**Your task**
Your job is to copy the lines from the material that include "coverN".
═══ Dataset records
(* Let $X$ be a non-empty set and let $I,\Phi:X\to\mathbb{R}$ and $\mu>0$ be such that the function $I-\mu\Phi$ has a global minimum in $X$. Then at least one of the following assertions holds: (a) for each filtering cover $\mathcal{N}$ of $X$ there exists $A\in\mathcal{N}$ such that $$\sup_{\lambda\in\mathbb{R}}\inf_{x\in A}\big(I(x)-\mu(e^{\Phi(x)-\lambda}+\lambda)\big)<\inf_{x\in A}\sup_{\lambda\in\Phi(A)}\big(I(x)-\mu(e^{\Phi(x)-\lambda}+\lambda)\big);$$ (b) for each global minimum $u$ of $I-\mu\Phi$ one has $$I(u)\leq I(x)-\mu\big(e^{\Phi(x)-\Phi(u)}-1\big)$$ for all $x\in X$.
   Context: A family $\mathcal{N}$ of non-empty subsets of $X$ is a filtering cover of $X$ if $\bigcup_{A\in\mathcal{N}}A=X$ and for each $A_1,A_2\in\mathcal{N}$ there is $A_3\in\mathcal{N}$ with $A_1\cup A_2\subseteq A_3$. *)

From HB Require Import structures.
From mathcomp Require Import all_boot all_order all_algebra.
From mathcomp Require Import all_classical all_reals all_analysis.
Set Implicit Arguments. Unset Strict Implicit. Unset Printing Implicit Defensive.
Import Order.TTheory GRing.Theory Num.Theory.
Local Open Scope classical_set_scope.
Local Open Scope ring_scope.

Definition filtering_cover (X : Type) (N : set (set X)) : Prop :=
  (forall A, N A -> A !=set0) /\
  \bigcup_(A in N) A = setT /\
  (forall A1 A2, N A1 -> N A2 -> exists2 A3, N A3 & A1 `|` A2 `<=` A3).

Definition is_global_min (X : Type) (R : realType) (f : X -> R) (u : X) : Prop :=
  forall x, f u <= f x.

Definition Jfun (X : Type) (R : realType) (I Phi : X -> R) (mu : R)
  (x : X) (l : R) : R :=
  I x - mu * (expR (Phi x - l) + l).

Definition supinf (X : Type) (R : realType) (I Phi : X -> R) (mu : R)
  (A : set X) : \bar R :=
  ereal_sup [set ereal_inf [set (Jfun I Phi mu x l)%:E | x in A] | l in [set: R]].

Definition infsup (X : Type) (R : realType) (I Phi : X -> R) (mu : R)
  (A : set X) : \bar R :=
  ereal_inf [set ereal_sup [set (Jfun I Phi mu x l)%:E | l in Phi @` A] | x in A].

From HB Require Import structures.
From mathcomp Require Import all_boot all_order all_algebra.
From mathcomp Require Import all_classical all_reals all_analysis.
From mathcomp Require Import ring lra.
Set Implicit Arguments.
Unset Strict Implicit.
Unset Printing Implicit Defensive.

Import Order.TTheory GRing.Theory Num.Theory.
Local Open Scope classical_set_scope.
Local Open Scope ring_scope.

(* Write J(y, l) = I y - mu (e^(Phi y - l) + l) and c = I u - mu (1 + Phi u)
   for a global minimum u of I - mu Phi.  Since J(y, Phi y) >= c for every y,
   inf_A sup_(Phi A) J >= c on every A.  If (b) fails at x, then
   J(x, Phi u) < c = J(u, Phi u); a convex combination of J(u, .) and J(x, .)
   with a small weight on x, minimised in l, stays below c - d for some d > 0,
   so for every l one of J(u, l), J(x, l) is <= c - d.  Hence sup_l inf_A J < c
   on any A containing u and x, and a filtering cover has such a member. *)

Section RealBounds.
Variable R : realType.

Lemma subr1V_le_ln (c : R) : 0 < c -> 1 - c^-1 <= ln c.
Proof.
move=> c0; have cV0 : -1 < c^-1 - 1 by rewrite ltrBrDr addNr invr_gt0.
have := le_ln1Dx cV0; rewrite addrC subrK lnV ?posrE //; lra.
Qed.

(* The minimum of t |-> c e^t - t, attained at t = - ln c. *)
Lemma lnD1_le_mulexpRB (c t : R) : 0 < c -> 1 + ln c <= c * expR t - t.
Proof.
move=> c0; have := expR_ge1Dx (t + ln c).
rewrite expRD lnK ?posrE // mulrC; lra.
Qed.

Lemma convex_le_or (w p q r : R) : 0 <= w <= 1 ->
  (1 - w) * p + w * q <= r -> p <= r \/ q <= r.
Proof.
case/andP=> w0; rewrite le_eqVlt => /orP[/eqP -> | w1] hpq.
  by right; lra.
case: (lerP p r) => [|hp]; first by left.
right; rewrite leNgt; apply/negP => hq.
have : 0 < (1 - w) * (p - r) by apply: mulr_gt0; lra.
have : 0 <= w * (q - r) by apply: mulr_ge0; lra.
lra.
Qed.

(* w |-> w p + mu ln (1 + w E) vanishes at 0 with derivative D = p + mu E > 0;
   via ln c >= 1 - 1/c, the weight w = D / (4 mu E^2 + 2 D) is small enough. *)
Lemma exists_ln_gain_gt0 (mu p E : R) : 0 < mu -> -1 < E -> 0 < p + mu * E ->
  exists2 w, 0 <= w <= 1 & 0 < w * p + mu * ln (1 + w * E).
Proof.
move=> mu0 E1 D0; set D := p + mu * E in D0.
set q := 4 * mu * E ^+ 2 + 2 * D.
have q0 : 0 < q by rewrite /q; have := sqr_ge0 E; nra.
set w := D / q.
have w0 : 0 < w by exact: divr_gt0.
set m := w * (mu * E ^+ 2).
have m0 : 0 <= m by apply: mulr_ge0; [lra | apply: mulr_ge0; [lra | exact: sqr_ge0]].
have wD0 : 0 < w * D by exact: mulr_gt0.
have wq : 4 * m + 2 * (w * D) = D.
  by rewrite -[RHS](mulfVK (lt0r_neq0 q0)) -/w /m /q; ring.
have w_half : w <= 1 / 2 by nra.
set c := 1 + w * E.
have c0 : 0 < c by rewrite /c; nra.
have cV2 : c^-1 <= 2 by rewrite -[2]invrK lef_pV2 ?posrE //; rewrite /c; nra.
exists w; first by apply/andP; split; lra.
have cVc : c * c^-1 = 1 by rewrite mulfV ?lt0r_neq0.
have gain : w * p + mu * (1 - c^-1) = w * (D - m * c^-1).
  have -> : w * p + mu * (1 - c^-1)
          = w * (D - m * c^-1) + mu * (1 - w * E) * (1 - c * c^-1).
    by rewrite /D /m /c; ring.
  by rewrite cVc subrr mulr0 addr0.
have mc : m * c^-1 <= 2 * m by rewrite mulrC ler_wpM2r.
have := ler_wpM2l (ltW mu0) (subr1V_le_ln c0).
nra.
Qed.

Lemma convex_Jcomb_le (mu a b Iu Ix w l : R) : 0 < mu -> 0 <= w <= 1 ->
  (1 - w) * (Iu - mu * (expR (a - l) + l)) + w * (Ix - mu * (expR (b - l) + l))
  <= Iu - mu * (1 + a)
     - (w * (Iu - Ix) + mu * ln (1 + w * (expR (b - a) - 1))).
Proof.
move=> mu0 /andP[w0 w1].
set K := expR (b - a); set c := 1 + w * (K - 1).
have K0 : 0 < K := expR_gt0 _.
have c0 : 0 < c by rewrite /c; nra.
have hb : expR (b - l) = K * expR (a - l).
  by rewrite /K -expRD; congr expR; ring.
have := ler_wpM2l (ltW mu0) (lnD1_le_mulexpRB (a - l) c0).
rewrite hb /c; nra.
Qed.

End RealBounds.

Lemma filtering_cover_pair (X : Type) (N : set (set X)) (u x : X) :
  filtering_cover N -> exists2 A, N A & A u /\ A x.
Proof.
move=> [_ [cover directed]].
have [Au NAu Auu] : (\bigcup_(A in N) A) u by rewrite cover.
have [Ax NAx Axx] : (\bigcup_(A in N) A) x by rewrite cover.
have [A NA sA] := directed _ _ NAu NAx.
by exists A => //; split; apply: sA; [left | right].
Qed.

Section Minimax.
Variables (R : realType) (X : Type) (I Phi : X -> R) (mu : R).

Lemma infsup_ge_min (A : set X) (u : X) :
  is_global_min (fun x => I x - mu * Phi x) u ->
  ((I u - mu * (1 + Phi u))%:E <= infsup I Phi mu A)%E.
Proof.
move=> umin; apply: le_ereal_inf_tmp => _ [y Ay <-].
apply: (@le_trans _ _ (Jfun I Phi mu y (Phi y))%:E).
  by rewrite lee_fin /Jfun subrr expR0; have := umin y; lra.
by apply: ereal_sup_ubound; exists (Phi y) => //; exists y.
Qed.

Hypothesis mu_gt0 : 0 < mu.

Lemma Jfun_uniform_gap (u x : X) :
  I x - mu * (expR (Phi x - Phi u) - 1) < I u ->
  exists2 d, 0 < d & forall l,
    Jfun I Phi mu u l <= I u - mu * (1 + Phi u) - d \/
    Jfun I Phi mu x l <= I u - mu * (1 + Phi u) - d.
Proof.
move=> hlt; set E := expR (Phi x - Phi u) - 1.
have E1 : -1 < E by rewrite /E ltrBrDr addNr expR_gt0.
have D0 : 0 < I u - I x + mu * E by rewrite /E; lra.
have [w w01 gain] := exists_ln_gain_gt0 mu_gt0 E1 D0.
exists (w * (I u - I x) + mu * ln (1 + w * E)) => // l.
by apply: (convex_le_or w01); exact: convex_Jcomb_le.
Qed.

Lemma supinf_le (A : set X) (r : R) :
  (forall l, exists2 y, A y & Jfun I Phi mu y l <= r) ->
  (supinf I Phi mu A <= r%:E)%E.
Proof.
move=> below; apply: ge_ereal_sup => _ [l _ <-].
have [y Ay Jy] := below l.
by apply: ge_ereal_inf; exists (Jfun I Phi mu y l)%:E; [exists y | rewrite lee_fin].
Qed.

End Minimax.

Theorem theorem3p6 (R : realType) (X : Type) (x0 : X) (I Phi : X -> R) (mu : R)
  (hmu : 0 < mu)
  (hmin : exists u : X, is_global_min (fun x => I x - mu * Phi x) u) :
  (forall N : set (set X), filtering_cover N ->
     exists2 A, N A & (supinf I Phi mu A < infsup I Phi mu A)%E)
  \/
  (forall u : X, is_global_min (fun x => I x - mu * Phi x) u ->
     forall x : X, I u <= I x - mu * (expR (Phi x - Phi u) - 1)).
Proof.
have [|not_b] := pselect (forall u : X, is_global_min (fun x => I x - mu * Phi x) u ->
     forall x : X, I u <= I x - mu * (expR (Phi x - Phi u) - 1)); first by right.
left => N coverN.
have [u umin [x]] : exists2 u, is_global_min (fun y => I y - mu * Phi y) u &
    exists x, I x - mu * (expR (Phi x - Phi u) - 1) < I u.
  apply: contra_notP not_b => none u umin x; rewrite leNgt; apply/negP => hlt.
  by apply: none; exists u => //; exists x.
move=> hlt; have [d d0 gap] := Jfun_uniform_gap hmu hlt.
have [A NA [Au Ax]] := filtering_cover_pair u x coverN.
exists A => //; apply: (@le_lt_trans _ _ (I u - mu * (1 + Phi u) - d)%:E).
  by apply: supinf_le => l; case: (gap l) => ?; [exists u | exists x].
apply: lt_le_trans (infsup_ge_min A umin).
by rewrite lte_fin; lra.
Qed.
══════
**Answer to this exercise**
left => N coverN.
have [A NA [Au Ax]] := filtering_cover_pair u x coverN.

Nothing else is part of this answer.